Samara Breger is the author of the new novel A Long Time Dead. She also has written the novel Walk Between Worlds. She lives in the New York City area.
Q: What inspired you to write A Long Time Dead, and how did you create your character Poppy?
A: I had been wanting to write something historical for a while, but I didn’t consider vampires until two other writers at my publisher approached me about it. Their idea was for us each to write a vampire novella and release them together.
As soon as they said vampire, I knew I wanted to go gothic romance. I love gothics, even though they scare the absolute shit out of me. I am a lifelong horror weenie, but something about gothic lit draws me in every time.
Poppy has a lot more of me in her than any of my other characters thus far. When the plan was to write a novella, the turnaround was tight, and I didn’t do much character sketching beforehand. A lot of Poppy is me, but me at 20, with my impulsive tendencies turned all the way up.

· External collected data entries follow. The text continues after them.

(* For every integer $i\ge 1$, $\lim_{k\to\infty}\overline{\alpha}(\{1,2i+1,2k\})=\frac12$.
   Context: For a finite set $S$ of positive integers, the distance graph $G(S)$ has vertex set $\mathbb{Z}$, with $i,j$ adjacent iff $|i-j|\in S$. The density of $A\subseteq\mathbb{Z}$ is $\delta(A)=\limsup_{N\to\infty}\frac{|A\cap[-N,N]|}{2N+1}$, and the independence ratio $\overline{\alpha}(S)$ is the supremum of $\delta(A)$ over independent sets $A$ of $G(S)$. *)

From Stdlib Require Import Reals ZArith List.
From Coquelicot Require Import Coquelicot.
Import ListNotations.
Open Scope R_scope.

(* A subset of Z is represented by its (boolean) indicator function. *)

Definition independent (S : list Z) (A : Z -> bool) : Prop :=
  forall x y : Z, A x = true -> A y = true -> ~ In (Z.abs (x - y)) S.

(* |A ∩ [-N, N]| *)
Definition count_in (A : Z -> bool) (N : nat) : nat :=
  length (filter (fun j : nat => A (Z.of_nat j - Z.of_nat N)%Z)
                 (seq 0 (2 * N + 1))).

Definition dens_seq (A : Z -> bool) (N : nat) : R :=
  INR (count_in A N) / INR (2 * N + 1).

Definition density (A : Z -> bool) : Rbar := LimSup_seq (dens_seq A).

(* independence ratio: sup of δ(A) over independent sets A of G(S)
   (densities lie in [0,1], so they are finite reals) *)
Definition indep_ratio (S : list Z) : Rbar :=
  Lub_Rbar (fun x : R => exists A : Z -> bool,
                independent S A /\ density A = Finite x).

From Stdlib Require Import Reals ZArith List Lia Lra.
From Coquelicot Require Import Coquelicot.
Import ListNotations.
Open Scope R_scope.

(* Since 1 is a forbidden distance, an independent set contains at most one of
   any two consecutive integers, so its density is at most 1/2.  Conversely,
   cut Z into blocks of length 2k and keep, in the q-th block, the positions
   r >= 2i+1 with r of the same parity as q.  Distance 1 and 2i+1 change the
   parity of r inside a block (and a gap of length 2i+1 at the start of each
   block stops them from crossing into the next one), while distance 2k keeps
   r but changes the parity of q.  Each block contains at least k-i-1 kept
   positions, so this independent set has density at least 1/2 - (i+2)/(2k). *)

Fixpoint count_range (A : Z -> bool) (a : Z) (n : nat) : nat :=
  match n with
  | O => O
  | S n' => (count_range A a n' + (if A (a + Z.of_nat n')%Z then 1 else 0))%nat
  end.

Lemma count_in_range (A : Z -> bool) (N : nat) :
  count_in A N = count_range A (- Z.of_nat N) (2 * N + 1).
Proof.
  unfold count_in. generalize (2 * N + 1)%nat as n. induction n as [|n IH]; [reflexivity|].
  rewrite seq_S, filter_app, length_app, IH. cbn [count_range filter length].
  replace (Z.of_nat (0 + n) - Z.of_nat N)%Z with (- Z.of_nat N + Z.of_nat n)%Z by lia.
  destruct (A _); simpl; lia.
Qed.

Lemma count_range_add (A : Z -> bool) (a : Z) (n m : nat) :
  count_range A a (n + m) = (count_range A a n + count_range A (a + Z.of_nat n) m)%nat.
Proof.
  induction m as [|m IH]; [rewrite Nat.add_0_r; simpl; lia|].
  rewrite Nat.add_succ_r. cbn [count_range]. rewrite IH.
  replace (a + Z.of_nat (n + m))%Z with (a + Z.of_nat n + Z.of_nat m)%Z by lia.
  lia.
Qed.

Lemma count_range_le (A : Z -> bool) (a : Z) (n : nat) : (count_range A a n <= n)%nat.
Proof. induction n as [|n IH]; cbn [count_range]; [lia|]. destruct (A _); lia. Qed.

Lemma count_range_no_consecutive (A : Z -> bool)
    (HA : forall z, A z = true -> A (z + 1)%Z = true -> False) (a : Z) (n : nat) :
  (count_range A a (2 * n) <= n)%nat.
Proof.
  induction n as [|n IH]; [simpl; lia|].
  replace (2 * S n)%nat with (2 * n + 2)%nat by lia.
  rewrite count_range_add.
  enough (count_range A (a + Z.of_nat (2 * n)) 2 <= 1)%nat by lia.
  cbn [count_range]. set (b := (a + Z.of_nat (2 * n))%Z).
  replace (b + Z.of_nat 0)%Z with b by lia.
  replace (b + Z.of_nat 1)%Z with (b + 1)%Z by lia.
  specialize (HA b). destruct (A b), (A (b + 1)%Z); simpl;
    [exfalso; exact (HA eq_refl eq_refl) | lia ..].
Qed.

Lemma count_range_mono (A : Z -> bool) (a : Z) (m n : nat) :
  (m <= n)%nat -> (count_range A a m <= count_range A a n)%nat.
Proof.
  intros Hn. replace n with (m + (n - m))%nat by lia.
  rewrite count_range_add. lia.
Qed.

Lemma count_range_sub (A : Z -> bool) (a : Z) (d m n : nat) :
  (d + m <= n)%nat -> (count_range A (a + Z.of_nat d) m <= count_range A a n)%nat.
Proof.
  intros Hn. replace n with (d + m + (n - d - m))%nat by lia.
  rewrite !count_range_add. lia.
Qed.

Lemma count_range_step2_ge (A : Z -> bool) (a : Z) (n : nat) :
  (forall j, (j < n)%nat -> A (a + 2 * Z.of_nat j)%Z = true) ->
  (n <= count_range A a (2 * n))%nat.
Proof.
  induction n as [|n IH]; intros HA; [simpl; lia|].
  replace (2 * S n)%nat with (2 * n + 2)%nat by lia.
  rewrite count_range_add.
  assert (Hn : A (a + Z.of_nat (2 * n) + Z.of_nat 0)%Z = true).
  { rewrite <- (HA n) by lia. f_equal. lia. }
  assert (n <= count_range A a (2 * n))%nat by (apply IH; auto).
  cbn [count_range]. rewrite Hn. lia.
Qed.

Lemma count_range_blocks_ge (A : Z -> bool) (a : Z) (p c n : nat) :
  (forall j, (j < n)%nat -> (c <= count_range A (a + Z.of_nat (j * p)) p)%nat) ->
  (n * c <= count_range A a (n * p))%nat.
Proof.
  induction n as [|n IH]; intros Hblock; [simpl; lia|].
  replace (S n * p)%nat with (n * p + p)%nat by lia.
  rewrite count_range_add.
  assert (n * c <= count_range A a (n * p))%nat by (apply IH; auto).
  specialize (Hblock n ltac:(lia)). lia.
Qed.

The story about Poppy needing to bring a friend to the bathroom with her after reading The Monk is pulled directly from my life—shoutout to my friend Jenn for being my late-night bathroom buddy! Poppy’s also got a lot of Michelle and Erin from Derry Girls in her. Maybe a touch of Orla, too.
Q: How would you describe the dynamic between Poppy and your character Roisin?
A: When I was 20, I followed a girl to Paris for love. It ended in disaster, of course, but that intense longing that feels exclusive to people who haven’t yet been emotionally devastated by love really informed the dynamic. I also wanted Roisin to be somewhat annoyed by Poppy, but more so annoyed that she was falling in love with Poppy. Like, “Seriously? With this person?”
Q: Did you need to do any research to write the novel, and if so, did you learn anything that especially surprised you?
A: I did so much research, oh my god. I’m sure I still got things wrong, and I kept some things intentionally anachronistic.
The most important thing that kept coming up throughout my research is that there were always queer people. The Cleveland Street scandal, the Bouton and Park case, and, of course, the Oscar Wilde trial really revealed a whole secondary society for queer and trans people in the Victorian era.
Especially with today’s politics, it was both gutting and bolstering to see that we’ve always been under attack, but we have always existed, and we always will.
Q: Did you know how the novel would end before you started writing it, or did you make many changes along the way?
A: I made so many changes. I knew it would have a happy ending—it’s a romance, after all—but the path swerved in some surprising directions. I landed in a more horror-ish space than I had initially intended. I had a lot of fun with the bloody, violent, slightly gruesome stuff. Let this be a lesson to all: don’t let being scared of everything stop you from scaring other people!
Q: What are you working on now?
A: I’m working on a 19th century New York romance inspired by Gallus Mag and Sadie the Goat, two possibly-apocryphal gangsters who got in a fight that cost one of them their ear. I’m also working on a Victorian spiritualist ghost romance that has some touches of the Noel Coward play Blithe Spirit.
Q: Anything else we should know?
A: I put a lot of my love for lesbian vampires in this book. I’m fascinated by the history of the lesbian vampire in books and on film. The more I learn, the more I want to write another lesbian vampire story. Maybe I’ll even bring back some A Long Time Dead characters!